(* Let $\lambda>\frac16$. Then $\mu_\lambda$ is doubling: there exists $C_\lambda\ge1$ such that for every $x\in[0,1]$ and every $r>0$, $\mu_\lambda(B(x,2r))\le C_\lambda\,\mu_\lambda(B(x,r))$.
   Context: For $\lambda>\frac16$, $\gamma_\lambda$ is the unique real number $\ge1$ with $2\cdot3^{-\gamma_\lambda}+(6\lambda+1)6^{-\gamma_\lambda}+(6\lambda-1)6^{-\gamma_\lambda}=1$; $p_0=p_3=3^{-\gamma_\lambda}$, $p_1=(6\lambda+1)6^{-\gamma_\lambda}$, $p_2=(6\lambda-1)6^{-\gamma_\lambda}$; $S_0(x)=x/3$, $S_1(x)=x/6+1/3$, $S_2(x)=-x/6+2/3$, $S_3(x)=x/3+2/3$; $\mu_\lambda$ is the unique Borel probability measure on $[0,1]$ with $\mu_\lambda=\sum_{i=0}^3p_i\,\mu_\lambda\circ S_i^{-1}$. $B(x,r)$ is the open ball (interval) of center $x$ and radius $r$. *)

From HB Require Import structures.
From mathcomp Require Import all_boot all_order all_algebra.
From mathcomp Require Import all_classical all_reals all_analysis.
Set Implicit Arguments. Unset Strict Implicit. Unset Printing Implicit Defensive.
Import Order.TTheory GRing.Theory Num.Theory.
Local Open Scope classical_set_scope.
Local Open Scope ring_scope.

Section Defs.
Variable R : realType.

Definition is_gamma (lam g : R) : Prop :=
  1 <= g /\
  2 * 3 `^ (- g) + (6 * lam + 1) * 6 `^ (- g) + (6 * lam - 1) * 6 `^ (- g) = 1.

Definition pw (lam g : R) (i : 'I_4) : R :=
  match val i with
  | 0%N => 3 `^ (- g)
  | 1%N => (6 * lam + 1) * 6 `^ (- g)
  | 2%N => (6 * lam - 1) * 6 `^ (- g)
  | _ => 3 `^ (- g)
  end.

Definition Smap (i : 'I_4) (x : R) : R :=
  match val i with
  | 0%N => x / 3
  | 1%N => x / 6 + 1 / 3
  | 2%N => - x / 6 + 2 / 3
  | _ => x / 3 + 2 / 3
  end.

Definition oball (x r : R) : set R := [set y | x - r < y < x + r].

Definition is_mu_lambda (lam g : R) (mu : probability R R) : Prop :=
  mu `[0, 1]%classic = 1%E /\
  forall A : set R, measurable A ->
    mu A = (\sum_(i < 4) (pw lam g i)%:E * mu (Smap i @^-1` A))%E.
End Defs.

From HB Require Import structures.
From mathcomp Require Import all_boot all_order all_algebra.
From mathcomp Require Import all_classical all_reals all_analysis.
From mathcomp Require Import lra.
Import Order.TTheory GRing.Theory Num.Theory.
Set Implicit Arguments. Unset Strict Implicit. Unset Printing Implicit Defensive.
Local Open Scope classical_set_scope.
Local Open Scope ring_scope.

(* Ball masses satisfy the self-similarity relation
     mu B(x, r) = sum_i p_i mu B(S_i^-1 x, r / ratio_i),   ratio_i in {1/3, 1/6}.
   The endpoints 0 and 1 are fixed by S_0 and S_3, of ratio 1/3 and weight 3^-g,
   so near them the relation has a single term and the mass of B(z, r) is
   comparable to r^g. The junctions 1/3, 1/2, 2/3 are images of 0 and 1, so
   balls near them also have mass comparable to r^g, which gives doubling there.
   A ball B(x, 2r) meeting no junction lies in a single piece S_i[0, 1], where
   the relation again has a single term and turns doubling at radius r into
   doubling at radius r / ratio_i >= 3r; induction on the scale concludes.
   The proof uses only that the weights are positive (this is where
   lambda > 1/6 enters) and that p_0 = p_3 = 3^-g with g >= 0. *)

Lemma scale_ind (R : archiRealFieldType) (a : R) (P : R -> Prop) : 0 < a ->
    (forall r, a <= r -> P r) ->
    (forall r, 0 < r -> r < a -> (forall s, 2 * r <= s -> P s) -> P r) ->
  forall r, 0 < r -> P r.
Proof.
move=> a_gt0 base step.
have P_pow2 n r : a <= 2 ^+ n * r -> P r.
  elim: n r => [|n IHn] r; first by rewrite expr0 mul1r; exact: base.
  move=> ar; have [|ra] := leP a r; first exact: base.
  have r_gt0 : 0 < r.
    by rewrite -(pmulr_rgt0 _ (exprn_gt0 n.+1 (ltr0Sn R 1))) (lt_le_trans a_gt0).
  apply: step => // s le2rs; apply: IHn; apply: le_trans ar _.
  by rewrite exprSr -mulrA ler_wpM2l // exprn_ge0.
move=> r r_gt0; have := archi_boundP (divr_ge0 (ltW a_gt0) (ltW r_gt0)).
set k := Num.bound _ => ark; apply: (P_pow2 k).
by rewrite -ler_pdivrMr // (le_trans (ltW ark)) // -natrX ler_nat ltnW // ltn_expl.
Qed.

Section powR_facts.
Variable R : realType.

Lemma ge0_ler_powRl (g x y : R) : 0 <= g -> 0 <= x -> x <= y -> x `^ g <= y `^ g.
Proof.
move=> g_ge0 x_ge0 xy.
by apply: ge0_ler_powR; rewrite // nnegrE (le_trans x_ge0).
Qed.

Lemma powRN_scale (g a x : R) : 0 < a -> 0 <= x -> a `^ (- g) * (a * x) `^ g = x `^ g.
Proof.
move=> a_gt0 x_ge0.
by rewrite powRM ?(ltW a_gt0) // powRN mulKf // gt_eqF // powR_gt0.
Qed.

Lemma ge0_powR_ge1 (g x : R) : 0 <= g -> 1 <= x -> 1 <= x `^ g.
Proof. by move=> g_ge0 x_ge1; have := ge0_ler_powRl g_ge0 ler01 x_ge1; rewrite powR1. Qed.

Lemma ge0_powR_le1 (g x : R) : 0 <= g -> 0 <= x <= 1 -> x `^ g <= 1.
Proof.
by move=> g_ge0 /andP[x_ge0 x_le1]; have := ge0_ler_powRl g_ge0 x_ge0 x_le1; rewrite powR1.
Qed.

End powR_facts.

Section probability_on_unit_interval.
Variables (R : realType) (mu : probability R R).

Definition mass (A : set R) : R := fine (mu A).

Lemma measure_mass (A : set R) : measurable A -> mu A = (mass A)%:E.
Proof.
move=> mA; rewrite /mass fineK // ge0_fin_numE ?measure_ge0 //.
exact: le_lt_trans (probability_le1 mu mA) (ltry 1).
Qed.

Lemma mass_ge0 (A : set R) : 0 <= mass A.
Proof. by rewrite fine_ge0 // measure_ge0. Qed.

Lemma mass_le1 (A : set R) : measurable A -> mass A <= 1.
Proof. by move=> mA; rewrite -lee_fin -measure_mass // probability_le1. Qed.

Lemma le_mass (A B : set R) :
  measurable A -> measurable B -> A `<=` B -> mass A <= mass B.
Proof. by move=> mA mB AB; rewrite -lee_fin -!measure_mass // le_measure ?inE. Qed.

Lemma oball_itv (x r : R) : oball x r = `]x - r, x + r[%classic.
Proof. by apply/seteqP; split => y /=; rewrite in_itv. Qed.

Lemma measurable_oball (x r : R) : measurable (oball x r).
Proof. by rewrite oball_itv; exact: measurable_itv. Qed.

Definition bmass (x r : R) : R := mass (oball x r).

Lemma bmass_ge0 x r : 0 <= bmass x r.
Proof. exact: mass_ge0. Qed.

Lemma bmass_le1 x r : bmass x r <= 1.
Proof. exact: mass_le1 (measurable_oball x r). Qed.

Lemma bmass_sub x r y s :
  y - s <= x - r -> x + r <= y + s -> bmass x r <= bmass y s.
Proof.
move=> *; apply: le_mass; try exact: measurable_oball.
by move=> t /andP[? ?]; apply/andP; lra.
Qed.

Definition misses01 (z r : R) : Prop := z + r <= 0 \/ 1 <= z - r.

Hypothesis mu01 : mu `[0, 1]%classic = 1%E.

Lemma mass_le_on01 (A B : set R) :
  measurable A -> measurable B -> A `&` `[0, 1]%classic `<=` B -> mass A <= mass B.
Proof.
move=> mA mB AB; set I := `[0, 1]%classic : set R.
have mI : measurable I by exact: measurable_itv.
rewrite -lee_fin -!measure_mass // (measureDI mu mA mI) -[leRHS]add0e.
apply: leeD; last by rewrite le_measure ?inE //; exact: measurableI.
have muC : mu (~` I) = 0%E by rewrite probability_setC // mu01 subee.
by rewrite -muC le_measure ?inE //; [exact: measurableD | exact: measurableC].
Qed.

Lemma le_bmass_on01 x r y s :
    (forall t, 0 <= t <= 1 -> x - r < t < x + r -> y - s < t < y + s) ->
  bmass x r <= bmass y s.
Proof.
move=> sub; apply: mass_le_on01; try exact: measurable_oball.
by move=> t [xrt]; rewrite /= in_itv => /sub; apply.
Qed.

Lemma bmass_left z r : z <= 0 -> bmass z r <= bmass 0 r.
Proof. by move=> *; apply: le_bmass_on01 => t; lra. Qed.

Lemma bmass_right z r : 1 <= z -> bmass z r <= bmass 1 r.
Proof. by move=> *; apply: le_bmass_on01 => t; lra. Qed.

Lemma bmass_out z r : misses01 z r -> bmass z r = 0.
Proof.
rewrite /misses01 => out; apply/le_anti; rewrite bmass_ge0 andbT.
have <- : mass set0 = 0 by rewrite /mass measure0.
apply: mass_le_on01 => //; first exact: measurable_oball.
by move=> t [/andP[? ?]] /=; rewrite in_itv /=; lra.
Qed.

Lemma bmass_cover x r : x - r < 0 -> 1 < x + r -> bmass x r = 1.
Proof.
move=> *; apply/le_anti; rewrite bmass_le1 /=.
have <- : mass `[0, 1]%classic = 1 by rewrite /mass mu01.
apply: mass_le_on01; [exact: measurable_itv | exact: measurable_oball |].
by move=> t [+ _]; rewrite /= in_itv /= => ?; apply/andP; lra.
Qed.

End probability_on_unit_interval.

Section pieces.
Variable R : realType.

Definition Sinv (i : 'I_4) (y : R) : R :=
  match val i with
  | 0%N => 3 * y
  | 1%N => 6 * y - 2
  | 2%N => 4 - 6 * y
  | _ => 3 * y - 2
  end.

Definition Sdil (i : 'I_4) : R :=
  match val i with 0%N => 3 | 1%N => 6 | 2%N => 6 | _ => 3 end.

Lemma SmapK i : cancel (Smap i) (Sinv i).
Proof. by case: i => [[|[|[|[|?]]]] ?] y; rewrite /Smap /Sinv /=; lra. Qed.

Lemma preimage_Smap_oball i (x r : R) :
  Smap i @^-1` oball x r = oball (Sinv i x) (Sdil i * r).
Proof.
apply/seteqP; split=> y; rewrite /oball /Smap /Sinv /Sdil /=;
  by case: i => [[|[|[|[|?]]]] ?] //=; lra.
Qed.

Lemma Sdil_ge3 i : 3 <= Sdil i.
Proof. by case: i => [[|[|[|[|?]]]] ?]; rewrite /Sdil //=; lra. Qed.

Lemma Sdil_le6 i : Sdil i <= 6.
Proof. by case: i => [[|[|[|[|?]]]] ?]; rewrite /Sdil //=; lra. Qed.

Lemma Sinv_dist i (x y : R) : `|Sinv i x - Sinv i y| = Sdil i * `|x - y|.
Proof.
have : Sinv i x - Sinv i y = Sdil i * (x - y) \/ Sinv i x - Sinv i y = - (Sdil i * (x - y)).
  by case: i => [[|[|[|[|?]]]] ?] //; rewrite /Sinv /Sdil /=; [left|left|right|left]; lra.
have Sdil_ge0 : 0 <= Sdil i by apply: le_trans (Sdil_ge3 i); lra.
by case=> ->; rewrite ?normrN normrM ger0_norm.
Qed.

Lemma Sinv_cover (y : R) : 0 <= y <= 1 -> exists i, 0 <= Sinv i y <= 1.
Proof.
move=> y01; have [y1|y1] := leP y (1/3); first by exists 0; rewrite /Sinv /=; lra.
have [y2|y2] := leP y (1/2); first by exists 1; rewrite /Sinv /=; lra.
have [y3|y3] := leP y (2/3); first by exists 2; rewrite /Sinv /=; lra.
by exists 3; rewrite /Sinv /=; lra.
Qed.

(* The points where consecutive pieces [Smap i @` `[0, 1]] meet. *)
Definition junction (c : R) : Prop := c = 1/3 \/ c = 1/2 \/ c = 2/3.

Lemma Sinv_junction i c : junction c -> Sinv i c <= 0 \/ 1 <= Sinv i c.
Proof.
move=> [->|[->|->]]; case: i => [[|[|[|[|?]]]] ?]; rewrite /Sinv /=;
  by [left; lra | right; lra].
Qed.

◆ Required action ◆
Look in the material above for the line with "Lemma measure_mass (A" and the line with "Proof. by move=> mA;", and transcribe exactly those lines and all lines between them, nothing more.

◆ Output for this task ◆
Lemma measure_mass (A : set R) : measurable A -> mu A = (mass A)%:E.
Proof.
move=> mA; rewrite /mass fineK // ge0_fin_numE ?measure_ge0 //.
exact: le_lt_trans (probability_le1 mu mA) (ltry 1).
Qed.

Lemma mass_ge0 (A : set R) : 0 <= mass A.
Proof. by rewrite fine_ge0 // measure_ge0. Qed.

Lemma mass_le1 (A : set R) : measurable A -> mass A <= 1.
Proof. by move=> mA; rewrite -lee_fin -measure_mass // probability_le1. Qed.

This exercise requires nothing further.